I’m a huge fan of standardization and process development. It’s no secret. Building a reusable system for completing tasks is one of my favorite parts of business operations. Setting a framework for expected project length , defining measurable and expected results and crafting a standard procedure for operations goes a long way in streamlining the work you do.
Everyone Benefits from Standardization
Standardization makes project managers happy because they can track the efficiency of a project. Business owners love it because they can spend less time training new employees. Finally, customers love standardization because they can rely on a consistent level of quality and service.
A Standard Process Makes Life Easier
What does this have to do with client work? Kicking off each project by gathering the same basic level of information from each and every client makes sure you have the tools you need to handle the project.
Consistency lets you expand your work scope and scale because you aren’t going back and forth with a client after the project has begun. Here are a few ways to add value to your client work flow:
Figure Out Your Process
You won’t be able to help anyone else if you aren’t able to help yourself. The first thing you want to do for your business is figure out exactly what works and what doesn’t work when you offer your service. Write down these things when reviewing all of your current client relationships:
- What business expectations should you set right off the bat?
- How often do you need to communicate with your client, on average?
- What preparatory and preliminary information do you need from the client to do your job effectively?
- How long does it typically take to complete this process under normal circumstances?
- Who needs to be involved at various steps in the project?
- Are there any points at which this process must be aborted to save time and money?
Doing Your Clients’ Work For Them
Here’s where the power of process standardization shines. Clients may be resistant when they hear they have to put in extra effort to make the relationship work and for you to do your job effectively.
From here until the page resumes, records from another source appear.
Lemma mutate_offpath b j i k : i != j -> k != j ->
  ~~ (arrow b i j && arrow b j k) -> ~~ (arrow b k j && arrow b j i) ->
  mutate b j i k = b i k.
Proof.
move=> ij kj; rewrite /mutate (negbTE ij) (negbTE kj) /arrow.
have max0 (x : int) : ~~ (0 < x) -> Num.max 0 x = 0 by rewrite -leNgt => /max_l.
by case/nandP=> /max0->; case/nandP=> /max0->; rewrite ?mul0r ?mulr0 subr0 addr0.
Qed.

(* Cycle preservation enters only here: if k -> i, the oriented 3-cycle
   i -> j -> k -> i must survive mutation at j, which forces i -> k. *)
Lemma mutate_path_gt0 b j i k : is_quiver b -> complete mut b ->
  cycle_preserving_vertex mut b j -> i != k -> (i \in mut) || (k \in mut) ->
  arrow b i j -> arrow b j k -> 0 < mutate b j i k.
Proof.
move=> qb cb [jm cpj] ik ikm aij ajk.
have ij := arrow_neq qb aij; have jk := arrow_neq qb ajk.
have kj : k != j by rewrite eq_sym.
rewrite /arrow in aij ajk.
have mutate_ik : mutate b j i k = b i k + b i j * b j k.
  rewrite /mutate (negbTE ij) (negbTE kj) (qb k j) (max_r (ltW aij)) (max_r (ltW ajk)).
  by rewrite (max_l (_ : - b j k <= 0)) ?mul0r ?subr0 // oppr_le0 ltW.
have [ik_ge0|ik_lt0] := lerP 0 (b i k); first by rewrite mutate_ik ltr_wpDl // mulr_gt0.
have cyc : has_cycle_in mut b [set i; j; k].
  exists [:: i; j; k]; split => //; first by rewrite /= !inE !eqxx ?orbT.
  by rewrite /= /arr jm orbT aij ajk /= (qb k i) oppr_gt0 ik_lt0 !andbT orbC.
have [_ _ cyc'] := cpj i k (oriented_3cycleP jm ij jk ik ikm cyc).
rewrite ltNge; apply/negP => le0.
apply: (acyclic3 (d := i) (mutate_is_quiver j qb) kj _ _ _ _ _ _ cyc').
- by rewrite eq_sym.
- by rewrite eq_sym.
- by apply/subsetP => x; rewrite !inE -!orbA => /or3P[]->; rewrite ?orbT.
- by rewrite arr_le0 // mutate_incident ?eqxx // oppr_le0 ltW.
- exact: arr_le0.
- by rewrite arr_le0 // mutate_incident ?eqxx ?orbT // oppr_le0 ltW.
Qed.

Lemma arrow_mutate b j i k : is_quiver b -> complete mut b ->
  cycle_preserving_vertex mut b j -> i != j -> k != j -> i != k ->
  (i \in mut) || (k \in mut) ->
  arrow (mutate b j) i k = if arrow b i j == arrow b j k then arrow b i j else arrow b i k.
Proof.
move=> qb cb cpj ij kj ik ikm; have jm := cpj.1.
case aij: (arrow b i j); case ajk: (arrow b j k) => /=.
- exact: mutate_path_gt0.
- by rewrite /arrow mutate_offpath // ?ajk ?andbF // (negbTE (arrow_asym qb aij)) andbF.
- by rewrite /arrow mutate_offpath // ?aij // (negbTE (arrow_asym qb ajk)).
- apply/negbTE/(arrow_asym (mutate_is_quiver j qb))/mutate_path_gt0 => //.
  + by rewrite eq_sym.
  + by rewrite orbC.
  + by rewrite (arrowN qb cb) ?ajk //; rewrite ?jm // eq_sym.
  + by rewrite (arrowN qb cb) ?aij //; rewrite ?jm ?orbT.
Qed.

Lemma complete_mutate b j : is_quiver b -> complete mut b ->
  cycle_preserving_vertex mut b j -> complete mut (mutate b j).
Proof.
move=> qb cb cpj i k ik ikm; have jm := cpj.1.
have [incident|] := boolP ((i == j) || (k == j)).
  by rewrite mutate_incident // oppr_eq0 cb.
rewrite negb_or => /andP[ij kj].
have [jk ki] : j != k /\ k != i by split; rewrite eq_sym.
rewrite quiver_neq0; last exact: mutate_is_quiver.
rewrite (arrow_mutate qb cb cpj ij kj ik ikm) (arrow_mutate qb cb cpj kj ij ki _);
  last by rewrite orbC.
rewrite (arrowN qb cb jk) ?jm // (arrowN qb cb ij) ?jm ?orbT // (arrowN qb cb ik) //.
by do 3 case: arrow.
Qed.

Lemma mutate_closes_paths b w a e : is_quiver b -> complete mut b ->
  cycle_preserving_vertex mut b w -> a != e -> (a \in mut) || (e \in mut) ->
  arrow (mutate b w) e w -> arrow (mutate b w) w a -> arrow (mutate b w) a e.
Proof.
move=> qb cb cpw ae m; rewrite arrow_mutate_in // arrow_mutate_out // => awe aaw.
by rewrite arrow_mutate // ?aaw ?awe // ?(arrow_neq qb aaw) // eq_sym (arrow_neq qb awe).
Qed.

Lemma arrow_mutate2 b w j x : is_quiver b -> complete mut b ->
  cycle_preserving_vertex mut b w -> cycle_preserving_vertex mut (mutate b w) j ->
  j != w -> x != w -> x != j ->
  arrow (mutate (mutate b w) j) w x = arrow (mutate b w) w j.
Proof.
move=> qb cb cpw cpj jw xw xj; have wm := cpw.1; have jm := cpj.1.
set s := mutate b w.
have qs : is_quiver s by apply: mutate_is_quiver.
have cs : complete mut s by apply: complete_mutate.
have jx : j != x by rewrite eq_sym.
rewrite arrow_mutate // 1?eq_sym ?wm //.
case: ifP => //; case awj: (arrow s w j); case ajx: (arrow s j x) => //= _.
- apply/idPn => naw.
  have axw : arrow s x w by rewrite (arrowN qs cs) ?wm 1?eq_sym.
  by rewrite (mutate_closes_paths qb cb cpw jx _ axw awj) ?jm in ajx.
- apply/negbTE/negP => awx.
  have ajw : arrow s j w by rewrite (arrowN qs cs) ?awj ?wm 1?eq_sym.
  have := mutate_closes_paths qb cb cpw xj _ ajw awx.
  by rewrite jm orbT => /(_ isT) /(arrow_asym qs); rewrite ajx.
Qed.

Lemma sign_coherent_aligned b : is_quiver b ->
  (forall v, v \in mut -> exists d, forall f, f \notin mut -> arrow b v f = d) ->
  sign_coherent mut b.
Proof.
move=> qb aligned v vm adj; have [[] af] := aligned v vm.
- by right; split=> // f fm; apply/nandP; right; apply: arrow_asym qb (af f fm).
- by left; split=> // f fm; apply/nandP; right; exact/negbT/af.
Qed.
End Mutation.

Section MutatedPrefix.
Variables (n : nat) (M : nat -> 'I_n).

Definition mutated l : seq 'I_n := [seq M i | i <- iota 0 l].

Lemma mutatedP l v : reflect (exists2 i, (i < l)%N & M i = v) (v \in mutated l).
Proof.
apply: (iffP mapP) => -[i].
  by rewrite mem_iota => /andP[_ il] ->; exists i.
by move=> il <-; exists i; rewrite ?mem_iota.
Qed.

Lemma mem_mutatedS l v : (v \in mutated l.+1) = (v == M l) || (v \in mutated l).
Proof. by rewrite /mutated -addn1 iotaD map_cat cats1 mem_rcons inE. Qed.

Lemma mutated_mono l1 l2 : (l1 <= l2)%N -> {subset mutated l1 <= mutated l2}.
Proof.
by move=> l12 v /mutatedP[i il Mi]; apply/mutatedP; exists i => //; apply: leq_trans l12.
Qed.

Lemma mutated_exhaust (s : seq 'I_n) : (forall v, v \in s -> exists k, M k = v) ->
  exists T, {subset s <= mutated T}.
Proof.
elim: s => [|v s IHs] hit; first by exists 0%N.
have [T sT] : exists T, {subset s <= mutated T}.
  by apply: IHs => u us; apply: hit; rewrite inE us orbT.
have [k Mk] := hit v (mem_head v s).
exists (maxn T k.+1) => u /predU1P[->|/sT uT].
  by apply/mutatedP; exists k; rewrite ?leq_maxr.
exact: mutated_mono (leq_maxl T k.+1) u uT.
Qed.
End MutatedPrefix.

Section MutationSequence.
Variables (n : nat) (mut : {set 'I_n}) (b : qmat n) (M : nat -> 'I_n).
Hypotheses (qb : is_quiver b) (cb : complete mut b).
Hypothesis M_mut : forall l, M l \in mut.
Hypothesis M_reduced : forall l, M l != M l.+1.
Hypothesis M_cycle_preserving : forall l, cycle_preserving_vertex mut (qseq b M l) (M l).

Local Notation Q := (qseq b M).

Lemma qseqS l : Q l.+1 = mutate (Q l) (M l).
Proof. by []. Qed.

Lemma qseq_quiver l : is_quiver (Q l).
Proof. by elim: l => //= l ql; apply: mutate_is_quiver. Qed.

Lemma qseq_complete l : complete mut (Q l).
Proof. by elim: l => //= l cl; apply: complete_mutate (qseq_quiver l) cl _. Qed.

Lemma mutated_mut l v : v \in mutated M l -> v \in mut.
Proof. by case/mutatedP=> i _ <-. Qed.

(* [mutated M l] lists m_1, ..., m_l, so [Q l.+1] comes at least one mutation
   after the one at [v]. *)
Lemma arrows_aligned l v : v \in mutated M l ->
  exists d, forall y, y \notin mutated M l.+1 -> arrow (Q l.+1) v y = d.
Proof.
elim: l v => [//|l IHl] v; rewrite mem_mutatedS => /predU1P[->|vl].
  exists (arrow (Q l.+1) (M l) (M l.+1)) => y.
  rewrite !mem_mutatedS !negb_or => /and3P[yl1 yl _].
  rewrite !qseqS; apply: arrow_mutate2 (M_cycle_preserving l) _ _ _ _ => //;
    [exact: qseq_quiver | exact: qseq_complete | exact: M_cycle_preserving l.+1
    | by rewrite eq_sym].
have [d v_aligned] := IHl v vl.
set s := Q l.+1; set j := M l.+1.
have qs : is_quiver s := qseq_quiver l.+1.
have cs : complete mut s := qseq_complete l.+1.
have jm : j \in mut := M_mut l.+1.
have unmutated y : y \notin mutated M l.+2 -> y != j /\ y \notin mutated M l.+1.
  by rewrite mem_mutatedS negb_or => /andP[].
have [vj|vj] := eqVneq v j.
  exists (~~ d) => y /unmutated[yj yl]; rewrite qseqS -/s -/j vj arrow_mutate_out //.
  have jy : j != y by rewrite eq_sym.
  by rewrite (arrowN qs cs jy) ?jm // -vj v_aligned.
have vm : v \in mut := mutated_mut vl.
have next_arrow y : y \notin mutated M l.+2 ->
    arrow (Q l.+2) v y = if arrow s v j == arrow s j y then arrow s v j else d.
  move=> /unmutated[yj yl]; have vy : v != y.
    by apply: contraNneq yl => <-; rewrite mem_mutatedS vl orbT.
  rewrite qseqS (arrow_mutate qs cs (M_cycle_preserving l.+1) vj yj vy) ?vm //.
  by rewrite (v_aligned y yl).
have [jl|jl] := boolP (j \in mutated M l.+1).
  have jl' : j \in mutated M l.
    by move: jl; rewrite mem_mutatedS eq_sym (negbTE (M_reduced l)).
  have [e j_aligned] := IHl j jl'.
  exists (if arrow s v j == e then e else d) => y y_unmutated.
  rewrite next_arrow // j_aligned; first by case: eqP.
  by case/unmutated: y_unmutated.
exists d => y y_unmutated; rewrite next_arrow // v_aligned //.
by case: ifP.
Qed.

Lemma eventually_sign_coherent : (forall v, v \in mut -> exists k, M k = v) ->
  exists T, forall l, (T < l)%N -> sign_coherent mut (Q l).
Proof.
move=> hit; have [T mutT] : exists T, {subset enum mut <= mutated M T}.
  by apply: mutated_exhaust => v; rewrite mem_enum; apply: hit.
exists T => -[//|l]; rewrite ltnS => Tl.
apply: sign_coherent_aligned => [|v vm]; first exact: qseq_quiver.
have vl : v \in mutated M l by apply: mutated_mono Tl _ (mutT v _); rewrite mem_enum.
have [d v_aligned] := arrows_aligned vl.
exists d => f fm; apply: v_aligned; apply/mutatedP => -[i _ Mi].
by rewrite -Mi M_mut in fm.
Qed.
End MutationSequence.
Take that hesitation out of the equation by doing their work for them. Provide a starter packet filled with samples of all the materials they will need to provide you. Include a blank sheet or online form for potential customers to fill in the information you need from them to get started.
Ask things like:
- What are your primary business goals for this fiscal year? For the next 5 years?
- How large is your estimated average audience size when promoting your business?
- Where is your business website located?
- Is your brand on social media? (Twitter, Facebook, LinkedIn, Google+)
- What sort of branded materials do you currently produce in house?
- What is your total budget for this service?
- Upload your logo and relevant branded imagery
Now, let’s take this information and plug it into a total service packet for content marketing. If we’ve done our work and standardized our processes beforehand, for example, we should be able to easily graft this information into existing templates. With a bit of tweaking and word-crafting, we’ll be able to quickly provide the client with high-quality samples or drafts of marketing materials such as:
- Press Releases for local media
- Informational Emails
- Newsletters for subscribers
The process of streamlining your service offerings is a two-way street. You have to put the time in upfront to map out, optimize and implement your processes before you can add value to both your company and your clients. Once you’ve laid the groundwork, it’s up to your customers to finish the equation by offering the information you need. The most successful companies have both sides of the coin figured out.
Do you have standardized processes for your business? How have they helped you be more efficient?